* Required action: An acceptable answer repeats exactly the line with "[exact: gl g" and each line after it through the end of the entries, and includes nothing else.

*** Opening of Source records ***

Lemma restrict_cell y : cell lam P y -> free_polyhedron (restrict y).
Proof.
move=> cy [[i j] [[] low]] /=.
  case: ifP => [fij|_]; last exact: ltr01.
  by have [] := hatC_margins cy.1 fij; case: low.
case: ifP => [/andP[i1 d]|_]; last exact: ltr01.
have [gl gr] := cell_gaps cy i1 d.
by case: low => /=; case: ifP => [g|_];
  [exact: gl g | exact: ltr01 | exact: gr g | exact: ltr01].
Qed.

Lemma cell_homeomorphic_polyhedron :
  ambient_homeomorphic (@cell R n lam P) free_polyhedron.
Proof.
exists restrict, embed; split.
- exact: restrict_cell.
- exact: embed_cell.
- by move=> y [hy _]; exact: restrictK.
- by move=> z _; exact: embedK.
- by split => [y _|z _]; [exact: continuous_restrict | exact: continuous_embed].
Qed.

Lemma row_free_count i : (i < n)%N ->
  (\sum_(j < n.+1) free_pos i j = \sum_(1 <= j < (n - i).+1) ~~ enc i j)%N.
Proof.
move=> lt_in; rewrite -(big_mkord xpredT (fun j => (free_pos i j : nat))).
rewrite (@big_cat_nat _ _ _ 1) //= big_nat1.
have -> : free_pos i 0 = false by apply/negP => /and3P[_ /and3P[_ h _] _].
rewrite add0n (@big_cat_nat _ _ _ (n - i).+1) //=; last by lia.
rewrite [X in (_ + X)%N]big1_seq ?addn0; last first.
  move=> j /andP[_]; rewrite mem_index_iota => hj.
  by apply/eqP; rewrite eqb0; apply/negP => /and3P[_ /and3P[_ _ h] _]; lia.
apply: eq_big_nat => j hj; have dj : gz_dom n i j by apply/and3P; split; lia.
by case: i lt_in dj {hj} => [|i] _ dj; rewrite /free_pos dj // top_row_encircled.
Qed.

Lemma card_free_index : #|{: free_index}| = egz_rank n P.
Proof.
rewrite card_sig.
have -> : #|[pred x : 'I_n.+1 * 'I_n.+1 | free_pos x.1 x.2]| =
          (\sum_(i < n.+1) \sum_(j < n.+1) free_pos i j)%N.
  rewrite -sum1_card big_mkcond /= pair_bigA /=.
  by apply: eq_bigr => -[i j] _; rewrite inE.
rewrite big_ord_recr /= [X in (_ + X)%N]big1 ?addn0; last first.
  by move=> j _; rewrite /free_pos /gz_dom ltnn !andbF.
by apply: eq_bigr => i _; exact: row_free_count.
Qed.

*** Close of Source records ***

* Exercise response:
  [exact: gl g | exact: ltr01 | exact: gr g | exact: ltr01].
Qed.

Lemma cell_homeomorphic_polyhedron :
  ambient_homeomorphic (@cell R n lam P) free_polyhedron.
Proof.
exists restrict, embed; split.
- exact: restrict_cell.
- exact: embed_cell.
- by move=> y [hy _]; exact: restrictK.
- by move=> z _; exact: embedK.
- by split => [y _|z _]; [exact: continuous_restrict | exact: continuous_embed].
Qed.

Lemma row_free_count i : (i < n)%N ->
  (\sum_(j < n.+1) free_pos i j = \sum_(1 <= j < (n - i).+1) ~~ enc i j)%N.
Proof.
move=> lt_in; rewrite -(big_mkord xpredT (fun j => (free_pos i j : nat))).
rewrite (@big_cat_nat _ _ _ 1) //= big_nat1.
have -> : free_pos i 0 = false by apply/negP => /and3P[_ /and3P[_ h _] _].
rewrite add0n (@big_cat_nat _ _ _ (n - i).+1) //=; last by lia.
rewrite [X in (_ + X)%N]big1_seq ?addn0; last first.
  move=> j /andP[_]; rewrite mem_index_iota => hj.
  by apply/eqP; rewrite eqb0; apply/negP => /and3P[_ /and3P[_ _ h] _]; lia.
apply: eq_big_nat => j hj; have dj : gz_dom n i j by apply/and3P; split; lia.
by case: i lt_in dj {hj} => [|i] _ dj; rewrite /free_pos dj // top_row_encircled.
Qed.

Lemma card_free_index : #|{: free_index}| = egz_rank n P.
Proof.
rewrite card_sig.
have -> : #|[pred x : 'I_n.+1 * 'I_n.+1 | free_pos x.1 x.2]| =
          (\sum_(i < n.+1) \sum_(j < n.+1) free_pos i j)%N.
  rewrite -sum1_card big_mkcond /= pair_bigA /=.
  by apply: eq_bigr => -[i j] _; rewrite inE.
rewrite big_ord_recr /= [X in (_ + X)%N]big1 ?addn0; last first.
  by move=> j _; rewrite /free_pos /gz_dom ltnn !andbF.
by apply: eq_bigr => i _; exact: row_free_count.
Qed.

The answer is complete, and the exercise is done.